Trade Unionism in theory, and as it may be consistently and intelligently carried out, can be a most useful aid to all concerned; but, as at present managed, clinging fast as it does to the cardinal principle of the right to prevent any and every man from working who does not happen to belong to the order, it is a bane to society and a curse to its members. We approve of the position taken by the builders of Chicago in this emergency, and we congratulate them that other branches of business, whose interests are so closely interwoven with theirs, have had the courage and willingness to make common cause with them, recognizing, as they evidently do, that if this sort of dictation is permitted to grow, that their own position will become undermined and security vanish. We congratulate them also that general business interests have given them such hearty co-operation and support, and we feel assured that will continue until the victory is won.

We recommend all filial associations of this body to assume the same attitude in the event of an issue being forced upon them by further encroachments, and we suggest to them, as well as to the Builders' and Traders' exchange of Chicago, that, in order to encourage all workmen who wish to have an opportunity to freely work, untrammelled by the improper requirements and rules of voluntary associations (membership in which, as far as most workmen are concerned, have become involuntary), and be protected in their work, it will be wise to create and establish at once a Bureau of Record in connection with their associations, where any and all workmen may put themselves on record as assenting to the principles of individual liberty, announced here in Chicago, and by and through which the workmen so assenting will be kept at work, and protected in it, in preference to those who deny these principles.

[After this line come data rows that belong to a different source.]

Lemma agree_net_word x y :
  agree (net_word x) (net_word y) = #|[set b in B | (x \in b) && (y \in b)]|.
Proof.
rewrite /agree -(card_in_imset (f := fun i => pblock (class i) x)); last first.
  move=> i j _ _ /= eq_ij.
  move: (pblock_class i x) (pblock_class j x).
  by rewrite eq_ij !inE => /andP[_ /eqP <-] /andP[_ /eqP].
apply: eq_card => b; rewrite [in RHS]inE.
apply/imsetP/andP => [[i] | [bB /andP[xb yb]]].
  rewrite inE net_word_eq => yi ->; split.
    by have := pblock_class i x; rewrite inE => /andP[].
  by rewrite yi andbT mem_pblock class_cover.
by exists (c b); rewrite ?inE ?net_word_eq pblock_block.
Qed.

End NetWords.

Lemma net_is_fibre_net mu q (B : {set {set 'I_(npts mu q)}}) :
  0 < mu -> 0 < q -> sym_net B ->
  exists w : 'I_(npts mu q) -> word (mu * q) q,
    fibres w = B /\ forall x y, x != y -> agree (w x) (w y) <= mu.
Proof.
move=> mu_gt0 q_gt0 [block_size [[c [class_partition _]] [p [_ pair_count]]]].
exists (net_word mu_gt0 q_gt0 block_size class_partition); split; first exact: fibres_net_word.
by move=> x y xy; rewrite agree_net_word pair_count //; case: ifP.
Qed.

Definition code_map n q (s : {perm 'I_n}) (t : 'I_n -> {perm 'I_q}) (u : word n q) :
  word n q := [ffun i => t i (u (s i))].

Lemma code_map_inj n q s t : injective (@code_map n q s t).
Proof.
move=> u v /ffunP eq_uv; apply/ffunP => j.
by have := eq_uv (s^-1%g j); rewrite !ffunE permKV => /perm_inj.
Qed.

Lemma code_map1 n q (u : word n q) : code_map 1%g (fun _ => 1%g) u = u.
Proof. by apply/ffunP => i; rewrite ffunE !perm1. Qed.

Lemma fibres_transport (T : finType) n q (e e' : T -> word n q) (phi : {perm T}) s t :
  (forall x, e' (phi x) = code_map s t (e x)) ->
  [set (fun x => phi x) @: b | b : {set T} in fibres e] = fibres e'.
Proof.
move=> e'E.
have fibreE i a : phi @: fibre e i a = fibre e' (s^-1%g i) (t (s^-1%g i) a).
  apply/setP => y; rewrite -[y](permKV phi) mem_imset; last exact: perm_inj.
  by rewrite !inE e'E ffunE permKV (inj_eq perm_inj).
apply/setP => b; apply/imsetP/imset2P => [[_ /imset2P[i a _ _ ->] ->] | [j b' _ _ ->]].
  by exists (s^-1%g i) (t (s^-1%g i) a).
exists (fibre e (s j) ((t j)^-1%g b')); first exact: imset2_f.
by rewrite fibreE permK permKV.
Qed.

Lemma fibres_relabel (T : finType) n q (e e' : T -> word n q) (phi : {perm T}) :
  (forall x, e' (phi x) = e x) ->
  [set (fun x => phi x) @: b | b : {set T} in fibres e] = fibres e'.
Proof.
by move=> e'E; apply: (fibres_transport (s := 1%g) (t := fun _ => 1%g)) => x; rewrite e'E code_map1.
Qed.

Lemma perm_matching (T : finType) (U : eqType) (f g : T -> U) : injective g ->
  (forall x, exists y, f y = g x) -> exists phi : {perm T}, forall x, f (phi x) = g x.
Proof.
move=> g_inj onto_g; pose h x := odflt x [pick y | f y == g x].
have hE x : f (h x) = g x.
  rewrite /h; case: pickP => [y /eqP // | none].
  by have [y /eqP] := onto_g x; rewrite none.
have h_inj : injective h by move=> x y eq_h; apply: g_inj; rewrite -!hE eq_h.
by exists (perm h_inj) => x; rewrite permE.
Qed.

Section Rigidity.
Variables (T : finType) (mu q : nat).
Hypotheses (mu_gt0 : 0 < mu) (q_gt1 : 1 < q).
Local Notation n := (mu * q).
Hypothesis card_T : #|T| = q * n.
Variables e1 e2 : T -> word n q.
Hypothesis agree_le1 : forall x y, x != y -> agree (e1 x) (e1 y) <= mu.
Hypothesis agree_le2 : forall x y, x != y -> agree (e2 x) (e2 y) <= mu.
Hypothesis same_fibres : fibres e1 = fibres e2.

Let a0 : 'I_q := Ordinal (ltnW q_gt1).
Let fibre_meet1 := fibre_meet mu_gt0 q_gt1 card_T agree_le1.
Let fibre_meet2 := fibre_meet mu_gt0 q_gt1 card_T agree_le2.
Let fibre_inj2 := fibre_inj mu_gt0 q_gt1 card_T agree_le2.

Definition fibre_match (i : 'I_n) (a : 'I_q) : 'I_n * 'I_q :=
  odflt (i, a) [pick jb | fibre e2 i a == fibre e1 jb.1 jb.2].

Lemma fibre_matchE i a : fibre e2 i a = fibre e1 (fibre_match i a).1 (fibre_match i a).2.
Proof.
rewrite /fibre_match; case: pickP => [jb /eqP // | none].
have : fibre e2 i a \in fibres e1 by rewrite same_fibres imset2_f.
by case/imset2P => j b _ _ eq_jb; have := none (j, b); rewrite eq_jb eqxx.
Qed.

Lemma fibre_match_coord i a b : (fibre_match i a).1 = (fibre_match i b).1.
Proof.
have [-> // | ab] := eqVneq a b; apply/eqP; apply: contraT => ij.
have := fibre_meet1 (fibre_match i a).2 (fibre_match i b).2 ij.
by rewrite -!fibre_matchE disjoint_fibres // => mu0; move: mu_gt0; rewrite -mu0.
Qed.

Definition coord_match i := (fibre_match i a0).1.

(* Fibres of distinct coordinates of e2 meet in mu > 0 points, so they cannot
   match two disjoint fibres of one coordinate of e1, nor the same fibre. *)
Lemma coord_match_inj : injective coord_match.
Proof.
move=> i1 i2 eq_i; apply/eqP; apply: contraT => i12.
have := fibre_meet2 a0 a0 i12.
rewrite !fibre_matchE -/(coord_match i1) -/(coord_match i2) eq_i.
have [eq_t | neq_t] := eqVneq (fibre_match i1 a0).2 (fibre_match i2 a0).2.
  suff /fibre_inj2 [eq_12 _] : fibre e2 i1 a0 = fibre e2 i2 a0 by rewrite eq_12 eqxx in i12.
  by rewrite !fibre_matchE -/(coord_match i1) -/(coord_match i2) eq_i eq_t.
by rewrite disjoint_fibres // => mu0; move: mu_gt0; rewrite -mu0.
Qed.

Lemma symbol_match_inj i : injective (fun a => (fibre_match i a).2).
Proof.
move=> a b /= eq_ab.
suff /fibre_inj2 [] : fibre e2 i a = fibre e2 i b by [].
by rewrite !fibre_matchE eq_ab (fibre_match_coord i a b).
Qed.

Lemma rigidity : exists s t, forall x, e2 x = code_map s t (e1 x).
Proof.
exists (perm coord_match_inj), (fun i => (perm (@symbol_match_inj i))^-1%g) => x.
apply/ffunP => i; rewrite ffunE.
have : x \in fibre e2 i (e2 x i) by rewrite inE.
rewrite fibre_matchE inE => /eqP eq_x.
apply: (@perm_inj _ (perm (@symbol_match_inj i))); rewrite permKV permE -eq_x permE.
by rewrite /coord_match (fibre_match_coord i a0 (e2 x i)).
Qed.

End Rigidity.

Section CodeEnumeration.
Variables (mu q : nat) (w0 : word (mu * q) q) (C : {set word (mu * q) q}).
Hypothesis card_C : #|C| = npts mu q.

Definition code_enum (x : 'I_(npts mu q)) : word (mu * q) q := nth w0 (enum C) x.

Lemma code_enum_inj : injective code_enum.
Proof.
move=> x y /eqP; rewrite /code_enum nth_uniq ?enum_uniq -?cardE ?card_C //.
by move/eqP/val_inj.
Qed.

Lemma code_enum_in x : code_enum x \in C.
Proof. by rewrite -mem_enum /code_enum mem_nth // -cardE card_C. Qed.

Lemma code_enum_onto u : u \in C -> exists x, code_enum x = u.
Proof.
move=> uC; have lt_u : index u (enum C) < npts mu q.
  by rewrite -card_C cardE index_mem mem_enum.
by exists (Ordinal lt_u); rewrite /code_enum /= nth_index // mem_enum.
Qed.

Lemma code_enum_image : [set code_enum x | x : 'I_(npts mu q)] = C.
Proof.
apply/setP => u; apply/imsetP/idP => [[x _ ->] | uC]; first exact: code_enum_in.
by have [x <-] := code_enum_onto uC; exists x.
Qed.

End CodeEnumeration.

Lemma net_iso_sym mu q (B B' : {set {set 'I_(npts mu q)}}) : net_iso B B' -> net_iso B' B.
Proof.
case=> phi <-; exists phi^-1%g.
rewrite -imset_comp -[RHS]imset_id; apply: eq_imset => b /=.
by rewrite -imset_comp -[RHS]imset_id; apply: eq_imset => x /=; rewrite permK.
Qed.

Lemma net_iso_trans mu q (B1 B2 B3 : {set {set 'I_(npts mu q)}}) :
  net_iso B1 B2 -> net_iso B2 B3 -> net_iso B1 B3.
Proof.
case=> phi1 <- [phi2 <-]; exists (phi1 * phi2)%g.
rewrite -imset_comp; apply: eq_imset => b /=.
by rewrite -imset_comp; apply: eq_imset => x /=; rewrite permM.
Qed.

(* Good codes versus nets, through the fibre net of an enumeration of the code;
   w0 is only the default value of the enumeration. *)
Section CodesAndNets.
Variables mu q : nat.
Hypotheses (mu_gt0 : 0 < mu) (q_gt1 : 1 < q).
Local Notation n := (mu * q).
Local Notation N := (npts mu q).
Local Notation W := (word n q).
Variable w0 : W.

Let mu_lt_n : mu < n. Proof. by rewrite -{1}[mu]muln1 ltn_pmul2l. Qed.

Lemma good_code_agree (C : {set W}) : good_code C ->
  forall u v, u \in C -> v \in C -> u != v -> agree u v <= mu.
Proof.
case=> _ dist_C u v uC vC uv.
by have := dist_C u v uC vC uv; have := hamming_agree u v; lia.
Qed.

Definition code_net (C : {set W}) := fibres (code_enum w0 C).

Lemma code_enum_agree (C : {set W}) : good_code C ->
  forall x y, x != y -> agree (code_enum w0 C x) (code_enum w0 C y) <= mu.
Proof.
move=> good_C x y xy; have [card_C _] := good_C.
by apply: (good_code_agree good_C);
  rewrite ?(code_enum_in w0 card_C) ?(inj_eq (code_enum_inj card_C)).
Qed.

Lemma code_net_sym (C : {set W}) : good_code C -> sym_net (code_net C).
Proof. by move=> good_C; apply: fibre_net mu_gt0 q_gt1 _ (code_enum_agree good_C). Qed.

Lemma tight_word_map_inj (w : 'I_N -> W) :
  (forall x y, x != y -> agree (w x) (w y) <= mu) -> injective w.
Proof.
move=> agree_le x y eq_w; apply/eqP; apply: contraT => xy.
by have := agree_le x y xy; rewrite eq_w agree_self leqNgt mu_lt_n.
Qed.

Lemma tight_word_map_code (w : 'I_N -> W) :
  (forall x y, x != y -> agree (w x) (w y) <= mu) -> good_code [set w x | x : 'I_N].
Proof.
move=> agree_le; split.
  by rewrite card_imset ?card_ord //; apply: tight_word_map_inj.
move=> _ _ /imsetP[x _ ->] /imsetP[y _ ->] wxy.
have xy : x != y by apply: contraNneq wxy => ->.
by have := agree_le x y xy; have := hamming_agree (w x) (w y); lia.
Qed.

Let steps be taken, after a certain time given to develop the honest purpose, good character, skill and ability of the workmen, to make them members of your own associations, and so institute, for the first time, a union wherein employer and employe shall be joined, and their interests considered in common, as they properly should be. We believe this would be a step in the right direction, and the dawn of the day when the two branches of workmen—the directing workman and the manual workman—will not be arrayed against each other, but will consider and act in concert for their mutual benefit.

Closing now our report to filial associations, we wish to address a few words to the public at large, whose servants we are.

We believe that the builders of this country stand to-day in a position which commands the attention of all kinds and classes of business men everywhere.

We wish to do only that which is right and in accordance with the principles upon which this Republic was founded.

Individual liberty is the dearest possession of the American people; we intend to stand by it and protect it in every emergency, and, to our mind, there has never been before presented an occasion more significant and decisive than the present, and in doing all we can to sustain it we feel that we are fighting not for our selfish ends alone, but for the welfare and protection of every individual in the land.

Individual liberty is not incompatible with associations, and associations are not incompatible with individual liberty; on the contrary, they should go hand in hand.

We call upon all to sustain us in maintaining all that is good and in defeating all that is bad in this difficult problem of labor.

Liberty is our watchword, and this struggle is but a continuation of that endeavor which began a hundred years ago, when a little band of patriots, at Concord Bridge, "fired that shot heard round the world," which was the first blow in establishing American independence.

Signed,

J. M. Blair,
John S. Stevens,
Edward E. Scribner,
Wm. H. Sayward,
John J. Tucker,

Executive Board of the National Association of Builders.